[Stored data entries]
(* Let $G$ be a countable graph. The following are equivalent: (i) there exists a countable graph $G'$ such that $G$ and $G'$ are independent, i.e. $G \not\to G'$ and $G' \not\to G$; (ii) $G$ is not bipartite and $G$ does not contain $K_\omega$ as a subgraph.
   Context: All graphs are simple, undirected and loopless. A homomorphism $f: G \to G'$ is a map $V(G) \to V(G')$ such that $\{x,y\} \in E(G)$ implies $\{f(x),f(y)\} \in E(G')$. We write $G \to G'$ (or $G \le G'$) if a homomorphism exists, and $G \not\to G'$ otherwise. $K_\omega$ denotes the countably infinite complete graph. A set of graphs is independent if there is no homomorphism between any two distinct members of the set. *)

From Stdlib Require Import Arith.

Record graph : Type := Graph {
  vert : Type;
  adj : vert -> vert -> Prop;
  adj_sym : forall x y, adj x y -> adj y x;
  adj_irrefl : forall x, ~ adj x x
}.

Definition countable_graph (G : graph) : Prop :=
  exists f : vert G -> nat, forall x y, f x = f y -> x = y.

Definition is_hom (G H : graph) (f : vert G -> vert H) : Prop :=
  forall x y, adj G x y -> adj H (f x) (f y).

Definition hom (G H : graph) : Prop := exists f : vert G -> vert H, is_hom G H f.

Definition independent (G H : graph) : Prop := ~ hom G H /\ ~ hom H G.

Definition bipartite (G : graph) : Prop :=
  exists c : vert G -> bool, forall x y, adj G x y -> c x <> c y.

Definition Komega_adj (i j : nat) : Prop := i <> j.
Lemma Komega_sym : forall i j, Komega_adj i j -> Komega_adj j i.
Proof. unfold Komega_adj; intros i j H E; apply H; now symmetry. Qed.
Lemma Komega_irrefl : forall i, ~ Komega_adj i i.
Proof. unfold Komega_adj; intros i H; now apply H. Qed.
Definition Komega : graph := Graph nat Komega_adj Komega_sym Komega_irrefl.

(* H is (isomorphic to) a (not necessarily induced) subgraph of G:
   an injective homomorphism H -> G exists. *)
Definition contains_subgraph (G H : graph) : Prop :=
  exists f : vert H -> vert G, (forall x y, f x = f y -> x = y) /\ is_hom H G f.

From Stdlib Require Import Arith Lia List Bool Classical ClassicalEpsilon
  FunctionalExtensionality PropExtensionality ProofIrrelevance Cantor FinFun.
Import ListNotations.

(* (i) => (ii): a bipartite graph G is comparable with every graph (it maps to any graph
   with an edge, and an edgeless graph maps to it), and every countable graph maps to K_omega,
   hence into any G containing K_omega.

   (ii) => (i): if G is finitely colourable, let n be the length of an odd closed walk in G and
   take the n-th shift graph (the n-th iterated line digraph of the transitive tournament on
   nat): each iteration raises the odd girth by two and keeps the chromatic number infinite.
   Otherwise, if the shift graph S_1 maps to G, take the graph of finite cliques of G under
   the proper-suffix relation: a homomorphism from it to G, or from S_1 to it, builds an
   infinite clique in G step by step.  If instead G maps to S_1, take a triangle (S_1 has odd
   girth 5); and if neither holds, take S_1 itself. *)

Lemma hom_trans (G H K : graph) : hom G H -> hom H K -> hom G K.
Proof. intros [f Hf] [g Hg]. exists (fun x => g (f x)). intros x y Hxy. auto. Qed.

→ Exercise requirements: Of the lines above, retype only those from the line containing "(ii) => (i): if" through the line containing "nat): each iteration", including both, exactly.

→ Task solution:
   (ii) => (i): if G is finitely colourable, let n be the length of an odd closed walk in G and
   take the n-th shift graph (the n-th iterated line digraph of the transitive tournament on
   nat): each iteration raises the odd girth by two and keeps the chromatic number infinite.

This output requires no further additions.